Data poisoning in machine learning is comprehensively surveyed by Goldblum et al. (2022): training data manipulation can introduce backdoors, degrade performance, or cause predictable behavioral shifts. Wan et al. (2023) showed that as few as 100 poisoned examples in an instruction-tuning corpus produce measurable behavioral manipulation in the fine-tuned model. ARCHER's training pipeline generates hundreds of sessions per collection run; a crafted target contaminating even a fraction of them has a plausible path to influencing fine-tuned model behavior.

The NIST AI Risk Management Framework (AI RMF 1.0, NIST AI 100-1) addresses adversarial inputs under MEASURE 2.7: "AI system security and resilience is evaluated, including adversarial inputs and attacks on the AI system itself." ARCHER's threat model documented here addresses this requirement directly.

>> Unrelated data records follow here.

(* Let $\Theta$ be an open saturated branch of a tableau in $\mathbf{TAB}_{\mathbf{IB}}$ with root formula $@_{i_0}\varphi_0$, let $\mathcal{M}^\Theta=(W^\Theta,R^\Theta,V^\Theta)$ be its model, $W^\Theta_r=\{w\in W^\Theta\mid wR^\Theta w\}$, and $\mathcal{M}^\Theta_B$ the bulldozed model of $\mathcal{M}^\Theta$. For every nominal $i\in W^\Theta_r$ and every formula $\varphi$ such that $@_i\varphi$ is a quasi-subformula of $@_{i_0}\varphi_0$, we have $\mathcal{M}^\Theta_B,(i,0)\models\varphi$ if and only if $\mathcal{M}^\Theta_B,(i,1)\models\varphi$.
   Context: Hybrid language: fix disjoint countably infinite sets $\mathbf{Prop}$ (propositional variables) and $\mathbf{Nom}$ (nominals). Formulas: $\varphi ::= p \mid i \mid \neg\varphi \mid \varphi\land\varphi \mid \Diamond\varphi \mid @_i\varphi$ with $p\in\mathbf{Prop}$, $i\in\mathbf{Nom}$; $\Box\varphi$ abbreviates $\neg\Diamond\neg\varphi$. A model $\mathcal{M}=(W,R,V)$ has $W$ nonempty, $R\subseteq W\times W$, and $V:\mathbf{Prop}\cup\mathbf{Nom}\to\mathcal{P}(W)$ with $V(i)=\{i^V\}$ a singleton for each nominal $i$. Satisfaction: $\mathcal{M},w\models p$ iff $w\in V(p)$; $\mathcal{M},w\models i$ iff $w=i^V$; Boolean clauses as usual; $\mathcal{M},w\models\Diamond\varphi$ iff there is $v$ with $wRv$ and $\mathcal{M},v\models\varphi$; $\mathcal{M},w\models @_i\varphi$ iff $\mathcal{M},i^V\models\varphi$. Tableau calculus $\mathbf{TAB}_{\mathbf{IB}}$. A tableau is a well-founded tree whose nodes are formulas of the form $@_i\varphi$; its root is a formula $@_i\varphi$ (the root formula) where $i$ does not occur in $\varphi$. A branch is a maximal path; $\varphi\in\Theta$ means $\varphi$ occurs on branch $\Theta$. Each branch is extended by applying the rules below to its formulas as often as possible, except that no further formula is added to a branch once either (i) every new formula generated by applying any rule already occurs on the branch, or (ii) the branch is closed, i.e. contains $@_i\varphi$ and $@_i\neg\varphi$ for some formula $\varphi$ and nominal $i$. Open means not closed. A branch is saturated if every new formula generated by applying some rule already occurs on it. An accessibility formula is a formula $@_i\Diamond j$ added by rule $[\Diamond]$ (with $j$ the new nominal). Rules (premises already on the branch; conclusions added to it): [$\neg\neg$] from $@_i\neg\neg\varphi$ add $@_i\varphi$; [$\land$] from $@_i(\varphi\land\psi)$ add $@_i\varphi$ and $@_i\psi$; [$\neg\land$] from $@_i\neg(\varphi\land\psi)$ split the branch into one extended by $@_i\neg\varphi$ and one extended by $@_i\neg\psi$; [$\Diamond$] from $@_i\Diamond\varphi$, which is not an accessibility formula, add $@_i\Diamond j$ and $@_j\varphi$ where $j$ is a nominal not occurring on the branch; this rule is applied at most once per formula, and only if $i$ is a quasi-urfather on the branch (defined below); [$\neg\Diamond$] from $@_i\neg\Diamond\varphi$ and $@_i\Diamond j$ add $@_j\neg\varphi$; [$\Box_{sym}$] from $@_i\Box\varphi$ and $@_j\Diamond i$ add $@_j\varphi$; [$@$] from $@_i@_j\varphi$ add $@_j\varphi$; [$\neg@$] from $@_i\neg@_j\varphi$ add $@_j\neg\varphi$; [$Id$] from $@_i\varphi$, which is not an accessibility formula, and $@_i j$ add $@_j\varphi$; [$Ref$] for any nominal $i$ occurring on the branch add $@_i i$; ($\mathcal{I}$) for any nominal $i$ occurring on the branch add $@_i\neg\Diamond i$. Auxiliary notions for a branch $\Theta$. $@_i\varphi$ is a quasi-subformula of $@_j\psi$ if $\varphi$ is a subformula of $\psi$, or $\varphi=\neg\chi$ with $\chi$ a subformula of $\psi$. For a nominal $i$ occurring in $\Theta$, $T^\Theta(i)=\{\varphi \mid @_i\varphi\in\Theta$ and $@_i\varphi$ is a quasi-subformula of the root formula$\}$. Nominals $i,j$ are twins if $T^\Theta(i)=T^\Theta(j)$. $i\prec_\Theta j$ if $j$ was introduced by applying $[\Diamond]$ to a formula $@_i\Diamond\varphi$; $\prec_\Theta^*$ is its reflexive transitive closure. A nominal $i$ is a quasi-urfather on $\Theta$ if there are no twins $j\neq k$ with $j\prec_\Theta^* i$ and $k\prec_\Theta^* i$. The identity urfather $v_\Theta(i)$ of a nominal $i$ occurring in $\Theta$ is the earliest introduced nominal $j$ on $\Theta$ such that $j$ is a twin of $i$ and $j$ is a quasi-urfather; it may fail to exist, and $\mathrm{dom}(v_\Theta)$ denotes the set of nominals for which it exists. A nominal is called an identity urfather on $\Theta$ if it is the identity urfather of some nominal (equivalently $v_\Theta(i)=i$). The model $\mathcal{M}^\Theta=(W^\Theta,R^\Theta,V^\Theta)$ of an open saturated branch $\Theta$ with root formula $@_{i_0}\varphi_0$: $W^\Theta$ is the set of identity urfathers on $\Theta$; $R^\Theta=\{(v_\Theta(i),v_\Theta(j)) \mid @_i\Diamond j\in\Theta,\ i,j\in\mathrm{dom}(v_\Theta)\}\cup\{(v_\Theta(j),v_\Theta(i)) \mid @_i\Diamond j\in\Theta,\ i,j\in\mathrm{dom}(v_\Theta)\}$; $V^\Theta(p)=\{v_\Theta(i)\mid @_i p\in\Theta\}$ for $p\in\mathbf{Prop}$; for a nominal $i$, $V^\Theta(i)=\{v_\Theta(i)\}$ if $i\in\mathrm{dom}(v_\Theta)$ and $V^\Theta(i)=\{i_0\}$ otherwise. Bulldozed model: given a model $\mathcal{M}=(W,R,V)$, let $W_r=\{w\in W\mid wRw\}$, $W^-=W\setminus W_r$, and $W_B=W^-\cup\{(w,n)\mid w\in W_r,\ n\in\{0,1\}\}$. Let $\alpha:W_B\to W$ be $\alpha(w)=w$ for $w\in W^-$ and $\alpha((w,n))=w$. Define $wR_Bv$ iff one of: ($w\in W^-$ or $v\in W^-$) and $\alpha(w)R\alpha(v)$; or $w=(w',m)$, $v=(v',n)$, $w'\neq v'$ and $w'Rv'$; or $w\neq v$ and $\alpha(w)=\alpha(v)$. Define $V_B(p)=\{w\in W_B\mid\alpha(w)\in V(p)\}$ for $p\in\mathbf{Prop}$; for a nominal $i$, $V_B(i)=\{(i^V,0)\}$ if $i^V\in W_r$, and $V_B(i)=V(i)$ otherwise. The bulldozed model is $\mathcal{M}_B=(W_B,R_B,V_B)$; $\mathcal{M}^\Theta_B$ denotes the bulldozed model of $\mathcal{M}^\Theta$. *)

From Stdlib Require Import List Arith Relations.
Import ListNotations.
(* Let $L:\mathbb{R}\to\mathbb{R}_{+}$ be a convex loss function with $L(0)=0$. Suppose there is some $\epsilon>0$ such that $L$ is linear (affine) on the interval $(0,2+\epsilon)$. Then $L$ is Fisher consistent for binary classification; that is, for every random pair $(X,Y)$ with $Y\in\{-1,1\}$ and every feature value $\mathbf{x}$, writing $p:=\Pr(Y=1\mid \mathbf{x})$ and $q:=\Pr(Y=-1\mid \mathbf{x})$, \[ \operatorname*{arg\,min}_{z\in\mathbb{R}} \mathbf{E}_{Y\mid \mathbf{x}}\, L(1-Yz)=\operatorname*{arg\,min}_{z\in\mathbb{R}} \big(p\,L(1-z)+q\,L(1+z)\big)= f^{*}_{Bayes}(\mathbf{x}), \] where $f^{*}_{Bayes}(\mathbf{x})=1$ if $p>q$ and $f^{*}_{Bayes}(\mathbf{x})=-1$ if $p<q$.
   Context: Binary classification setting: features $\mathbf{X}\in\mathcal{X}\subseteq\mathbb{R}^d$ and labels $Y\in\{-1,1\}$. The Bayes classifier is $f^{*}_{Bayes}(\mathbf{x})=1$ if $\Pr(Y=1\mid\mathbf{x})>\Pr(Y=-1\mid\mathbf{x})$ and $f^{*}_{Bayes}(\mathbf{x})=-1$ if $\Pr(Y=1\mid\mathbf{x})<\Pr(Y=-1\mid\mathbf{x})$. A loss function $L$ is called Fisher consistent (classification calibrated) if $\operatorname{arg\,min}_{f:\mathcal{X}\to\mathbb{R}}\mathbf{E}_{X,Y}L(1-Yf(\mathbf{X}))$ is solved by the Bayes classifier; in the binary (SVM) setting this holds when, for all $\mathbf{x}\in\mathcal{X}$, $\operatorname{arg\,min}_{z\in\mathbb{R}}\mathbf{E}_{Y\mid\mathbf{x}}L(1-Yz)=f^{*}_{Bayes}(\mathbf{x})$, which is the condition stated in the claim. *)

From mathcomp Require Import all_boot all_order all_algebra.
From mathcomp Require Import reals.
Set Implicit Arguments. Unset Strict Implicit. Unset Printing Implicit Defensive.
Import Order.TTheory GRing.Theory Num.Theory.
Local Open Scope ring_scope.

Definition convex_loss (R : realType) (L : R -> R) : Prop :=
  forall (x y t : R), 0 <= t <= 1 ->
    L (t * x + (1 - t) * y) <= t * L x + (1 - t) * L y.

Definition affine_on (R : realType) (L : R -> R) (a b : R) : Prop :=
  exists c d : R, forall t : R, a < t < b -> L t = c * t + d.

Definition cond_risk (R : realType) (L : R -> R) (p q z : R) : R :=
  p * L (1 - z) + q * L (1 + z).

(* Bayes classifier value: 1 if p > q, -1 if p < q (only used when p != q). *)
Definition f_bayes (R : realType) (p q : R) : R := if q < p then 1 else -1.

Definition is_argmin (R : realType) (g : R -> R) (z0 : R) : Prop :=
  forall z : R, g z0 <= g z.

From mathcomp Require Import all_boot all_order all_algebra.
From mathcomp Require Import reals.
From mathcomp Require Import ring lra.
Import Order.TTheory GRing.Theory Num.Theory.
Local Open Scope ring_scope.

(* Convexity and [L 0 = 0] make [L t / t] nondecreasing on (0, +oo), and
   nonnegativity forces the affine piece of [L] to pass through the origin,
   so [L t = L 1 * t] on [0, 2].  Hence the line [t |-> L 1 * t] minorizes
   [L] everywhere and is attained at [0] and [2].  For [p > q] the risk at
   [z = 1] is [2 q L 1]; for [z <= 1] the minorant bounds the risk below by
   [L 1 * (1 - (p - q) z) >= 2 q L 1], and for [z >= 1] the term
   [q L (1 + z) >= q (1 + z) L 1] alone suffices. *)

Lemma affine_ge0_at_left_end (R : realFieldType) (b c d : R) :
  0 < b -> (forall t, 0 < t < b -> 0 <= c * t + d) -> 0 <= d.
Proof.
move=> b_gt0 ge0; rewrite leNgt; apply/negP => d_lt0.
have ge0_mid : 0 <= c * (b / 2) + d by apply: ge0; lra.
have c_gt0 : 0 < c by nra.
(* the affine function takes the negative value [d / 2] at [t] *)
set t := - d / (2 * c).
have ct : c * t = - d / 2 by rewrite /t; field; rewrite gt_eqF.
have t_gt0 : 0 < t by rewrite divr_gt0 ?mulr_gt0 // oppr_gt0.
have t_ltb : t < b.
  by rewrite ltr_pdivrMr ?mulr_gt0 //; have := mulr_gt0 c_gt0 b_gt0; lra.
have : 0 <= c * t + d by apply: ge0; rewrite t_gt0 t_ltb.
lra.
Qed.

Section ConvexLossFromOrigin.

Context {R : realType} {L : R -> R}.
Hypotheses (L_ge0 : forall t, 0 <= L t) (L_convex : convex_loss L) (L0 : L 0 = 0).

Lemma convex_slope_origin_le {s t : R} : 0 < s <= t -> t * L s <= s * L t.
Proof.
case/andP=> s_gt0 le_st; have t_gt0 := lt_le_trans s_gt0 le_st.
have unit_st : 0 <= s / t <= 1.
  by rewrite divr_ge0 ?ler_pdivrMr ?mul1r // ltW.
have := L_convex t 0 (s / t) unit_st.
rewrite mulr0 addr0 L0 mulr0 addr0 divfK ?gt_eqF //.
move=> le_Ls; suff -> : s * L t = t * (s / t * L t) by rewrite ler_wpM2l // ltW.
by field; rewrite gt_eqF.
Qed.

Lemma affine_on_origin_linear {b : R} : 1 < b -> affine_on L 0 b ->
  forall t, 0 <= t < b -> L t = L 1 * t.
Proof.
move=> b_gt1 [c [d Lcd]].
have b_gt0 : 0 < b by lra.
have d_ge0 : 0 <= d.
  by apply: (@affine_ge0_at_left_end _ b c) => // t /Lcd <-.
have d_le0 : d <= 0.
  have quarter_half : 0 < b / 4 <= b / 2 by apply/andP; split; lra.
  have := convex_slope_origin_le quarter_half.
  rewrite !Lcd; [nra | lra | lra].
have L1 : L 1 = c by rewrite Lcd; lra.
move=> t /andP[t_ge0 t_ltb]; rewrite L1.
have [->|t_neq0] := eqVneq t 0; first by rewrite L0 mulr0.
rewrite Lcd; lra.
Qed.

Lemma linear_minorant {b : R} : 1 < b -> affine_on L 0 b ->
  forall t, L 1 * t <= L t.
Proof.
move=> b_gt1 affL t; have lin := affine_on_origin_linear b_gt1 affL.
have L1_ge0 := L_ge0 1.
have [t_le0|t_gt0] := leP t 0.
  by apply: le_trans (L_ge0 t); rewrite mulr_ge0_le0.
have [t_le1|t_gt1] := leP t 1; first by rewrite (lin t) //; apply/andP; split; lra.
by rewrite mulrC -[L t]mul1r convex_slope_origin_le //; lra.
Qed.

End ConvexLossFromOrigin.

Lemma cond_risk_min_at1 {R : realType} {L : R -> R} :
  (forall t, 0 <= L t) -> L 0 = 0 -> L 2 = L 1 * 2 ->
  (forall t, L 1 * t <= L t) ->
  forall p q, 0 <= q -> p + q = 1 -> q < p -> is_argmin (cond_risk L p q) 1.
Proof.
move=> L_ge0 L0 L2 minor p q q_ge0 pq q_lt_p z.
rewrite /cond_risk subrr L0 mulr0 add0r (_ : 1 + 1 = 2) // L2.
have L1_ge0 := L_ge0 1.
have [z_le1|z_gt1] := leP z 1.
  have p_ge0 : 0 <= p by lra.
  have := minor (1 + z) => /(ler_wpM2l q_ge0) m1.
  have := minor (1 - z) => /(ler_wpM2l p_ge0) m2.
  have gap : 0 <= L 1 * ((p - q) * (1 - z)) by rewrite !mulr_ge0 //; lra.
  nra.
have := minor (1 + z) => /(ler_wpM2l q_ge0) m1.
have p_term_ge0 : 0 <= p * L (1 - z) by rewrite mulr_ge0 // ltW // (le_lt_trans q_ge0).
have gap : 0 <= q * (L 1 * (z - 1)) by rewrite !mulr_ge0 //; lra.
nra.
Qed.

Lemma cond_risk_swap {R : realType} (L : R -> R) (p q z : R) :
  cond_risk L p q z = cond_risk L q p (- z).
Proof. by rewrite /cond_risk !opprK addrC. Qed.

Theorem theorem1 (R : realType) (L : R -> R)
  (HLnn : forall t : R, 0 <= L t)
  (Hconv : convex_loss L)
  (HL0 : L 0 = 0)
  (Hlin : exists eps : R, 0 < eps /\ affine_on L 0 (2 + eps)) :
  forall p q : R, 0 <= p -> 0 <= q -> p + q = 1 -> p != q ->
    is_argmin (cond_risk L p q) (f_bayes p q).
Proof.
move=> p q p_ge0 q_ge0 pq p_neq_q.
have [eps [eps_gt0 affL]] := Hlin.
have b_gt1 : 1 < 2 + eps by lra.
have L2 : L 2 = L 1 * 2.
  by apply: (affine_on_origin_linear HLnn Hconv HL0 b_gt1 affL); lra.
have minor := linear_minorant HLnn Hconv HL0 b_gt1 affL.
have min_at1 := cond_risk_min_at1 HLnn HL0 L2 minor.
rewrite /f_bayes; case: ltP => [q_lt_p|p_le_q] z; first exact: min_at1.
have p_lt_q : p < q by rewrite lt_neqAle p_neq_q p_le_q.
by rewrite !(cond_risk_swap L p q) opprK min_at1 // addrC.
Qed.
(* In a combinatorial auction with single-dimensional signals $s_i\in\{0,1,\dots,k-1\}$ ($k\ge2$) and SOS valuations, fix a true signal profile $\mathbf{s}$ (reported truthfully) and a welfare-maximizing allocation $T^*=(T_i^* )_i$ at $\mathbf{s}$. Then the expected welfare $\mathbb{E}[\sum_i v_{i\bar T_i}(\mathbf{s})]$ of the Random Threshold mechanism is at least $\frac{1}{k-1}\mathsf{SELF}$, where $\mathsf{SELF}=\sum_{\ell=1}^{k-1}\sum_{i:s_i=\ell}v_{iT_i^*}(\mathbf{0}_{-i},s_i)$.
   Context: Setting: $n$ agents, $m$ items; agent $i$ has private signal $s_i$; her value for bundle $T\subseteq[m]$ is $v_{iT}(\mathbf{s})\ge0$, a public function of $\mathbf{s}=(s_1,\dots,s_n)$, weakly increasing in each coordinate and strictly increasing in $s_i$; each $v_{iT}$ is SOS. An allocation assigns disjoint bundles. SOS: for every coordinate $j$, $s_j$, $\delta\ge0$, and $\mathbf{s}'_{-j}\le\mathbf{s}_{-j}$ coordinate-wise, $v(\mathbf{s}'_{-j},s_j+\delta)-v(\mathbf{s}'_{-j},s_j)\ge v(\mathbf{s}_{-j},s_j+\delta)-v(\mathbf{s}_{-j},s_j)$. $(\mathbf{0}_{-i},s_i)$ is the profile with all signals except $i$'s set to $0$. Random Threshold (on reports $\mathbf{s}$): choose $\ell$ uniformly in $\{1,\dots,k-1\}$; $N_{\ge\ell}=\{i:s_i\ge\ell\}$, $N_{<\ell}=[n]\setminus N_{\ge\ell}$; for $i\in N_{\ge\ell}$ set $\bar v_{iT}=v_{iT}(\mathbf{s}_{N_{<\ell}},\boldsymbol{\ell}_{N_{\ge\ell}})$ (signals of all agents in $N_{\ge\ell}$ replaced by $\ell$), for $i\in N_{<\ell}$ set $\bar v_{iT}=0$; choose $\bar T\in\arg\max\sum_{i\in N_{\ge\ell}}\bar v_{i\bar T_i}$ over allocations to agents of $N_{\ge\ell}$; an agent receiving $\bar T_i$ pays $v_{i\bar T_i}(\mathbf{s}_{-i},\ell-1)$. *)

From HB Require Import structures.
From mathcomp Require Import all_boot all_order all_algebra.
Set Implicit Arguments. Unset Strict Implicit. Unset Printing Implicit Defensive.
Import Order.TTheory GRing.Theory Num.Theory.
Local Open Scope ring_scope.

(* Agents are 'I_n, items 'I_m, signals take values in 'I_k = {0,...,k-1}. *)
Definition profile (n k : nat) := 'I_n -> 'I_k.

(* valuation: v i T s = v_{iT}(s) *)
Definition valuation (R : realFieldType) (n m k : nat) :=
  'I_n -> {set 'I_m} -> profile n k -> R.

Definition upd n k (s : profile n k) (j : 'I_n) (x : 'I_k) : profile n k :=
  fun i => if i == j then x else s i.

Definition zero_prof n k (hk : (0 < k)%N) : profile n k := fun _ => Ordinal hk.

Definition prof_le n k (s s' : profile n k) := forall i, (s i <= s' i)%N.

Definition val_nonneg R n m k (v : valuation R n m k) :=
  forall i T s, 0 <= v i T s.

Definition val_weakly_increasing R n m k (v : valuation R n m k) :=
  forall i T s s', prof_le s s' -> v i T s <= v i T s'.

Definition val_strict_own R n m k (v : valuation R n m k) :=
  forall i T s (a b : 'I_k), (a < b)%N -> v i T (upd s i a) < v i T (upd s i b).

Definition SOS n k (R : realFieldType) (f : profile n k -> R) :=
  forall (j : 'I_n) (s s' : profile n k) (a b : 'I_k),
    (forall i, i != j -> (s' i <= s i)%N) -> (a <= b)%N ->
    f (upd s' j b) - f (upd s' j a) >= f (upd s j b) - f (upd s j a).

Definition val_SOS R n m k (v : valuation R n m k) :=
  forall i T, SOS (v i T).

Definition is_allocation n m (A : 'I_n -> {set 'I_m}) :=
  forall i j, i != j -> [disjoint A i & A j].

Definition welfare R n m k (v : valuation R n m k) (A : 'I_n -> {set 'I_m})
  (s : profile n k) : R := \sum_i v i (A i) s.

Definition thr_prof n k (s : profile n k) (l : 'I_k) : profile n k :=
  fun i => if (l <= s i)%N then l else s i.

Definition vbar R n m k (v : valuation R n m k) (s : profile n k) (l : 'I_k)
  (i : 'I_n) (T : {set 'I_m}) : R :=
  if (l <= s i)%N then v i T (thr_prof s l) else 0.

Definition alloc_to_thr n m k (s : profile n k) (l : 'I_k) (A : 'I_n -> {set 'I_m}) :=
  is_allocation A /\ forall i, (s i < l)%N -> A i = set0.

Definition RT_choice R n m k (v : valuation R n m k) (s : profile n k) (l : 'I_k)
  (A : 'I_n -> {set 'I_m}) :=
  alloc_to_thr s l A /\
  forall B, alloc_to_thr s l B ->
    \sum_(i | (l <= s i)%N) vbar v s l i (B i)
      <= \sum_(i | (l <= s i)%N) vbar v s l i (A i).

Definition SELF R n m k (hk : (0 < k)%N) (v : valuation R n m k) (s : profile n k)
  (Tstar : 'I_n -> {set 'I_m}) : R :=
  \sum_(l : 'I_k | (0 < l)%N) \sum_(i | s i == l)
     v i (Tstar i) (upd (@zero_prof n k hk) i (s i)).

From HB Require Import structures.
From mathcomp Require Import all_boot all_order all_algebra.
Set Implicit Arguments. Unset Strict Implicit. Unset Printing Implicit Defensive.
Import Order.TTheory GRing.Theory Num.Theory.
Local Open Scope ring_scope.

(* The bound holds threshold by threshold: for every level
   l >= 1, the welfare at the true signals of the allocation chosen with
   threshold l dominates the contribution of the agents with s_i = l to
   SELF.  Indeed
   - lowering signals to the threshold profile can only lower values
     (monotonicity), so the true welfare of any allocation dominates its
     "threshold welfare" sum_{i in N_{>=l}} vbar_{i A_i};
   - the restriction of T* to the agents with s_i = l is an admissible
     allocation to N_{>=l}, so by optimality of the chosen allocation its
     threshold welfare is a lower bound;
   - for an agent with s_i = l the threshold profile keeps her signal and
     only raises the others above 0, so vbar_{i T*_i} >= v_{i T*_i}(0_{-i}, l).
   Summing over l and scaling by 1/(k-1) gives the theorem. *)

Section ThresholdBound.

Variables (R : realFieldType) (n m k : nat) (v : valuation R n m k).
Hypotheses (hnn : val_nonneg v) (hmono : val_weakly_increasing v).
Variables (s : profile n k) (l : 'I_k).

Lemma thr_prof_le : prof_le (thr_prof s l) s.
Proof. by move=> i; rewrite /thr_prof; case: ifP. Qed.

Lemma vbar_ge0 i T : 0 <= vbar v s l i T.
Proof. by rewrite /vbar; case: ifP. Qed.

Lemma thr_welfare_le_welfare (A : 'I_n -> {set 'I_m}) :
  \sum_(i | (l <= s i)%N) vbar v s l i (A i) <= welfare v A s.
Proof.
rewrite /welfare [X in _ <= X](bigID (fun i => (l <= s i)%N)) /=.
rewrite -[X in X <= _]addr0; apply: lerD.
  by apply: ler_sum => i hi; rewrite /vbar hi; apply/hmono/thr_prof_le.
by apply: sumr_ge0 => i _; apply: hnn.
Qed.

Definition level_restrict (T : 'I_n -> {set 'I_m}) (i : 'I_n) : {set 'I_m} :=
  if s i == l then T i else set0.

Lemma level_restrict_to_thr (T : 'I_n -> {set 'I_m}) :
  is_allocation T -> alloc_to_thr s l (level_restrict T).
Proof.
move=> hT; split.
  move=> i j hij; rewrite /level_restrict.
  case: (s i == l); case: (s j == l); first exact: hT;
    by rewrite -setI_eq0 ?setI0 ?set0I.
by move=> i hi; rewrite /level_restrict; case: eqP hi => // ->; rewrite ltnn.
Qed.

Lemma level_self_le_thr_welfare (hk : (0 < k)%N) (T : 'I_n -> {set 'I_m}) :
  \sum_(i | s i == l) v i (T i) (upd (zero_prof hk) i (s i))
    <= \sum_(i | (l <= s i)%N) vbar v s l i (level_restrict T i).
Proof.
rewrite big_mkcond [X in _ <= X]big_mkcond /=; apply: ler_sum => i _.
case: eqP => [si_l|_]; last by case: ifP => // _; apply: vbar_ge0.
rewrite si_l leqnn /vbar /level_restrict si_l leqnn eqxx.
apply: hmono => j; rewrite /upd /thr_prof.
by case: eqP => [->|_] /=; rewrite ?si_l ?leqnn.
Qed.

Lemma level_self_le_RT_welfare (hk : (0 < k)%N) (T A : 'I_n -> {set 'I_m}) :
  is_allocation T -> RT_choice v s l A ->
  \sum_(i | s i == l) v i (T i) (upd (zero_prof hk) i (s i)) <= welfare v A s.
Proof.
move=> hT [_ hAopt].
apply: le_trans (level_self_le_thr_welfare hk T) _.
exact: le_trans (hAopt _ (level_restrict_to_thr hT)) (thr_welfare_le_welfare A).
Qed.

End ThresholdBound.

Theorem mainTheorem6 (R : realFieldType) (n m k : nat) (hk : (2 <= k)%N)
  (v : valuation R n m k)
  (hnn : val_nonneg v) (hmono : val_weakly_increasing v)
  (hstrict : val_strict_own v) (hsos : val_SOS v)
  (s : profile n k) (Tstar : 'I_n -> {set 'I_m})
  (hTstar : is_allocation Tstar)
  (hopt : forall A, is_allocation A -> welfare v A s <= welfare v Tstar s)
  (Tbar : 'I_k -> 'I_n -> {set 'I_m})
  (hTbar : forall l : 'I_k, (0 < l)%N -> RT_choice v s l (Tbar l)) :
  ((k - 1)%:R)^-1 * SELF (ltnW hk) v s Tstar
    <= ((k - 1)%:R)^-1 * \sum_(l : 'I_k | (0 < l)%N) welfare v (Tbar l) s.
Proof.
apply: ler_wpM2l; first by rewrite invr_ge0 ler0n.
rewrite /SELF; apply: ler_sum => l l_gt0.
exact: (level_self_le_RT_welfare hnn hmono (ltnW hk) hTstar (hTbar l l_gt0)).
Qed.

The relationship to ARCHER's companion papers: The Stochastic Trap (Hawkins, 2026) establishes that the model/code layer split is the primary architectural reliability defense. This paper argues the same split is the primary adversarial robustness defense. Training Data Integrity (Hawkins, 2026) documents seventeen naturally-occurring contamination classes; this paper documents three adversarially-induced contamination vectors and the additional defenses they require.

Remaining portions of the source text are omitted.